■ Work order:
Quote, with no changes, the lines that run from the top of the material to the line with "have [j jC]", both included.
************
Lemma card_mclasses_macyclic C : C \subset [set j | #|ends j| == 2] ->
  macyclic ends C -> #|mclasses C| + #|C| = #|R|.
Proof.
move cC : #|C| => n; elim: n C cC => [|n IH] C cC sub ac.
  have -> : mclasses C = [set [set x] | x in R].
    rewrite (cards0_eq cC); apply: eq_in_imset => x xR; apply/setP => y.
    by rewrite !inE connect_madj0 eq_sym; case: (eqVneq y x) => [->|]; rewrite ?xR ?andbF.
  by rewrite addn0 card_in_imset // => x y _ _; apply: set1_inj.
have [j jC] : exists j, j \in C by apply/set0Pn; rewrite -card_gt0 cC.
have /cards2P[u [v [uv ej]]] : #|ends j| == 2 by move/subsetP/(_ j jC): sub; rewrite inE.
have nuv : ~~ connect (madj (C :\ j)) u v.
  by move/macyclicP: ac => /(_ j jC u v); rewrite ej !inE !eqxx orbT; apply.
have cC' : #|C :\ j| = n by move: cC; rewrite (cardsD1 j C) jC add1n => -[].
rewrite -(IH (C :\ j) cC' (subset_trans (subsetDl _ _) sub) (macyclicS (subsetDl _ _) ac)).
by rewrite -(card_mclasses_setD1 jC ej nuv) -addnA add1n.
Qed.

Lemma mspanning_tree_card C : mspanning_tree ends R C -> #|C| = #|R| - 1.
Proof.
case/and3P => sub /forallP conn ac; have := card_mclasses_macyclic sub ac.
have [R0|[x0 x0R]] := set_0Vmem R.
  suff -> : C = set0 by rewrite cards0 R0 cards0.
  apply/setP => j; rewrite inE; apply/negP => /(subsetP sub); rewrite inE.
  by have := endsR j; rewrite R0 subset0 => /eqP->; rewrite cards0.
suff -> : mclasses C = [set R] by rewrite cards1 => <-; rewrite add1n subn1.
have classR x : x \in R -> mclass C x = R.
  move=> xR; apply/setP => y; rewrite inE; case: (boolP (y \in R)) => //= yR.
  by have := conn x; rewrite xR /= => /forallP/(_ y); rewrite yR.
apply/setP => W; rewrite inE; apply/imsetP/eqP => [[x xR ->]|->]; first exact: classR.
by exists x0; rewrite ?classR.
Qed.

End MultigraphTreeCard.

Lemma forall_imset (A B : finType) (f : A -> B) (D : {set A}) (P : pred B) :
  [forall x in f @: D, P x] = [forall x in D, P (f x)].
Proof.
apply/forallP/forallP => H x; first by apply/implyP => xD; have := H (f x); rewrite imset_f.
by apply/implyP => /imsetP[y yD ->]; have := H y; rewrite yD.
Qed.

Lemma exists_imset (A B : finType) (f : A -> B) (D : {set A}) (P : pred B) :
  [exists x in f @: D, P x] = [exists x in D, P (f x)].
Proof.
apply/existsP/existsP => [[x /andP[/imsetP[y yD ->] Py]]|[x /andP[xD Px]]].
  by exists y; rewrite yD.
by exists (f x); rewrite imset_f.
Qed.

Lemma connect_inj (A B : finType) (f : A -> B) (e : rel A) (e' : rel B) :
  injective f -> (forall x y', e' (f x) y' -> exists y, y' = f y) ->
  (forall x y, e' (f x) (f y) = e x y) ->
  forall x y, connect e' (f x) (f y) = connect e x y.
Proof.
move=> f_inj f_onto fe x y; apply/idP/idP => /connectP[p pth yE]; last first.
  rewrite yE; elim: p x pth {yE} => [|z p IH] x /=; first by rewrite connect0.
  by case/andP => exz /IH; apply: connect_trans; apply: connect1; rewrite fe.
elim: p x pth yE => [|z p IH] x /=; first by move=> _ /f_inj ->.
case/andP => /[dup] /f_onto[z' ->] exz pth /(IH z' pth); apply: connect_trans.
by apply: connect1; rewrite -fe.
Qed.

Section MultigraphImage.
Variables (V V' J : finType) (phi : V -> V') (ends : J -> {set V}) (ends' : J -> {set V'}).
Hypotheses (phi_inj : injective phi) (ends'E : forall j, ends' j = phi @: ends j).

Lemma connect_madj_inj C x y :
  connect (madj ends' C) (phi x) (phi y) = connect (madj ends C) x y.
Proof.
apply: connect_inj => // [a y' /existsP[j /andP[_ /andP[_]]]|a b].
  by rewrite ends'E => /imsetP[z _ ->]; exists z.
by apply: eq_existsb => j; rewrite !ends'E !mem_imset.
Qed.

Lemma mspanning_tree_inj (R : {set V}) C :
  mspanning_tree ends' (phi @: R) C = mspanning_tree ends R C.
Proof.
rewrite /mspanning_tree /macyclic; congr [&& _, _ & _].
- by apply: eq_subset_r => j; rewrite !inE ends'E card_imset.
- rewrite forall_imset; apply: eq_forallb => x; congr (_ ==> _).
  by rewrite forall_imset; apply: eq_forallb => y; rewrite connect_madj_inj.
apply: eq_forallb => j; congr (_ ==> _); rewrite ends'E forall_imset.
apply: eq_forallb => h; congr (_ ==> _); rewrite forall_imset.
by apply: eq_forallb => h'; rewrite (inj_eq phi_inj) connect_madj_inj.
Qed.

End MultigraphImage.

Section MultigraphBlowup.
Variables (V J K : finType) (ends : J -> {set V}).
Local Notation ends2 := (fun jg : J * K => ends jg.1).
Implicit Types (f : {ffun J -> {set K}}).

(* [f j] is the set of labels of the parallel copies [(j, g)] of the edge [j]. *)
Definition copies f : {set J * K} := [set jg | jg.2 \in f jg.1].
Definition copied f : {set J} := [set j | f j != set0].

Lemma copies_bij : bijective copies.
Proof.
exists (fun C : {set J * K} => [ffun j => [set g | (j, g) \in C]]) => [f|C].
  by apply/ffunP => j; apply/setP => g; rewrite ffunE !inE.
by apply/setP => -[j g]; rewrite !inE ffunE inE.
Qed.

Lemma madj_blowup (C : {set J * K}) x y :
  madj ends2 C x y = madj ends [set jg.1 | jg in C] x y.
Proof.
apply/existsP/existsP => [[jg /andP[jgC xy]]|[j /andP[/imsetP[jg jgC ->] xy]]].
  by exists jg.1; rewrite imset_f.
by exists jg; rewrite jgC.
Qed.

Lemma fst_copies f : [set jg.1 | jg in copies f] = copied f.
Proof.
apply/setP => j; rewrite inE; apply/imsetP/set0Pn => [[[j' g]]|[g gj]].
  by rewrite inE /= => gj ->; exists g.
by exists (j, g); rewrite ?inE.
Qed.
************
■ Exercise output:
Lemma card_mclasses_macyclic C : C \subset [set j | #|ends j| == 2] ->
  macyclic ends C -> #|mclasses C| + #|C| = #|R|.
Proof.
move cC : #|C| => n; elim: n C cC => [|n IH] C cC sub ac.
  have -> : mclasses C = [set [set x] | x in R].
    rewrite (cards0_eq cC); apply: eq_in_imset => x xR; apply/setP => y.
    by rewrite !inE connect_madj0 eq_sym; case: (eqVneq y x) => [->|]; rewrite ?xR ?andbF.
  by rewrite addn0 card_in_imset // => x y _ _; apply: set1_inj.
have [j jC] : exists j, j \in C by apply/set0Pn; rewrite -card_gt0 cC.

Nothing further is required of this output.